/---

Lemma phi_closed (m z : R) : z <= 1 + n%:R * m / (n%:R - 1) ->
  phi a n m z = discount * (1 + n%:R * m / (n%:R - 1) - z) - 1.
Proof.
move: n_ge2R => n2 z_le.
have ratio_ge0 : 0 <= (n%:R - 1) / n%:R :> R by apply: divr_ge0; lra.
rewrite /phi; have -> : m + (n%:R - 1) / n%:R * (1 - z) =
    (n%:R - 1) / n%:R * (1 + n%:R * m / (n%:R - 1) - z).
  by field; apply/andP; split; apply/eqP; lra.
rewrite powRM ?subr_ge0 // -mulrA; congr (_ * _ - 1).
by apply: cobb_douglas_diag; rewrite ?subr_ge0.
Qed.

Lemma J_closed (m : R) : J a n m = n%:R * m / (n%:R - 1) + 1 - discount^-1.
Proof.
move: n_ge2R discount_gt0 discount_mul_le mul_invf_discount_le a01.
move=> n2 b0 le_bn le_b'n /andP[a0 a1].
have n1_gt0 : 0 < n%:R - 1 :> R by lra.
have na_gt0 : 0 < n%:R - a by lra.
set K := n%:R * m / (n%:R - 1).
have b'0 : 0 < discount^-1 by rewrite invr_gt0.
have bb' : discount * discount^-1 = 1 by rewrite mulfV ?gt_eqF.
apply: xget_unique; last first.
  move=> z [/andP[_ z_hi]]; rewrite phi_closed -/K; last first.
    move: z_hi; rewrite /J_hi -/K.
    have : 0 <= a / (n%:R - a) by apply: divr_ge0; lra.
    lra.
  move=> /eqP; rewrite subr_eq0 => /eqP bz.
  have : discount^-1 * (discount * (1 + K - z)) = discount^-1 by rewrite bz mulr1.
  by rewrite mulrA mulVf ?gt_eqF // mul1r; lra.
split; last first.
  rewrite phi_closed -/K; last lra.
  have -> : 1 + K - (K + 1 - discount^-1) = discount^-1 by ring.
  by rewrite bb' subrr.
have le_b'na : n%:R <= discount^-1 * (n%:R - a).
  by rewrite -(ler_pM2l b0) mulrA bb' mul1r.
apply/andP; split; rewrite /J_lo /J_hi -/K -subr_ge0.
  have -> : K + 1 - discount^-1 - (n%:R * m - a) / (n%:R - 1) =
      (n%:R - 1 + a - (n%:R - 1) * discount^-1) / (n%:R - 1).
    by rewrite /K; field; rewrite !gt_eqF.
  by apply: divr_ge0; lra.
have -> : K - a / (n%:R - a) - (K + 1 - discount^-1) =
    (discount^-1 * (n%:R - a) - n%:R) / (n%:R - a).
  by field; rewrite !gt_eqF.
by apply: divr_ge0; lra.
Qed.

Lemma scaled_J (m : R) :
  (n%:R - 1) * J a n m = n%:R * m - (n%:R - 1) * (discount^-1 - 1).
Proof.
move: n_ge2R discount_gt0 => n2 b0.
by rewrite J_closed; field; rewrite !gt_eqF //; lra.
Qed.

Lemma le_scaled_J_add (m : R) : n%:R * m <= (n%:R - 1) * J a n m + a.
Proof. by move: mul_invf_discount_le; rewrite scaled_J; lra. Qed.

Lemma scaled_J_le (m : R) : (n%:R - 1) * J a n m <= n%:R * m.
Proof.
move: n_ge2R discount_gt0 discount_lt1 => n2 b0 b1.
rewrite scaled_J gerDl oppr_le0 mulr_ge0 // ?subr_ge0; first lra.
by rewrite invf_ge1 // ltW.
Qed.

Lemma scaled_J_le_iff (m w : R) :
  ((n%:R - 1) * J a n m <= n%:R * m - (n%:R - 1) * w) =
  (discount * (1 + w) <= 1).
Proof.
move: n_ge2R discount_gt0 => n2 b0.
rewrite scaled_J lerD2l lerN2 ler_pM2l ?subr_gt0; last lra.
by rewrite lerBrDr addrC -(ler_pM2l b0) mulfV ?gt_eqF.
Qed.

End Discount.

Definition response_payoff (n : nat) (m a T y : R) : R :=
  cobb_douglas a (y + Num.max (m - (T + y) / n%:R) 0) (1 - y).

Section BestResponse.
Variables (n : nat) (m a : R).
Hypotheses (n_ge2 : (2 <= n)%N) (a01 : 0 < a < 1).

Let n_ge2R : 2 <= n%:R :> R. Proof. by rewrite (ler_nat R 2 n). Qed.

\---

WHAT THE TASK REQUIRES: Print every line from the one that contains "Proof. by move: mul_invf_discount_le;" to the end of the records, exactly as written, and nothing more.

THE ANSWER:
Proof. by move: mul_invf_discount_le; rewrite scaled_J; lra. Qed.

Lemma scaled_J_le (m : R) : (n%:R - 1) * J a n m <= n%:R * m.
Proof.
move: n_ge2R discount_gt0 discount_lt1 => n2 b0 b1.
rewrite scaled_J gerDl oppr_le0 mulr_ge0 // ?subr_ge0; first lra.
by rewrite invf_ge1 // ltW.
Qed.

Lemma scaled_J_le_iff (m w : R) :
  ((n%:R - 1) * J a n m <= n%:R * m - (n%:R - 1) * w) =
  (discount * (1 + w) <= 1).
Proof.
move: n_ge2R discount_gt0 => n2 b0.
rewrite scaled_J lerD2l lerN2 ler_pM2l ?subr_gt0; last lra.
by rewrite lerBrDr addrC -(ler_pM2l b0) mulfV ?gt_eqF.
Qed.

End Discount.

Definition response_payoff (n : nat) (m a T y : R) : R :=
  cobb_douglas a (y + Num.max (m - (T + y) / n%:R) 0) (1 - y).

Section BestResponse.
Variables (n : nat) (m a : R).
Hypotheses (n_ge2 : (2 <= n)%N) (a01 : 0 < a < 1).

Let n_ge2R : 2 <= n%:R :> R. Proof. by rewrite (ler_nat R 2 n). Qed.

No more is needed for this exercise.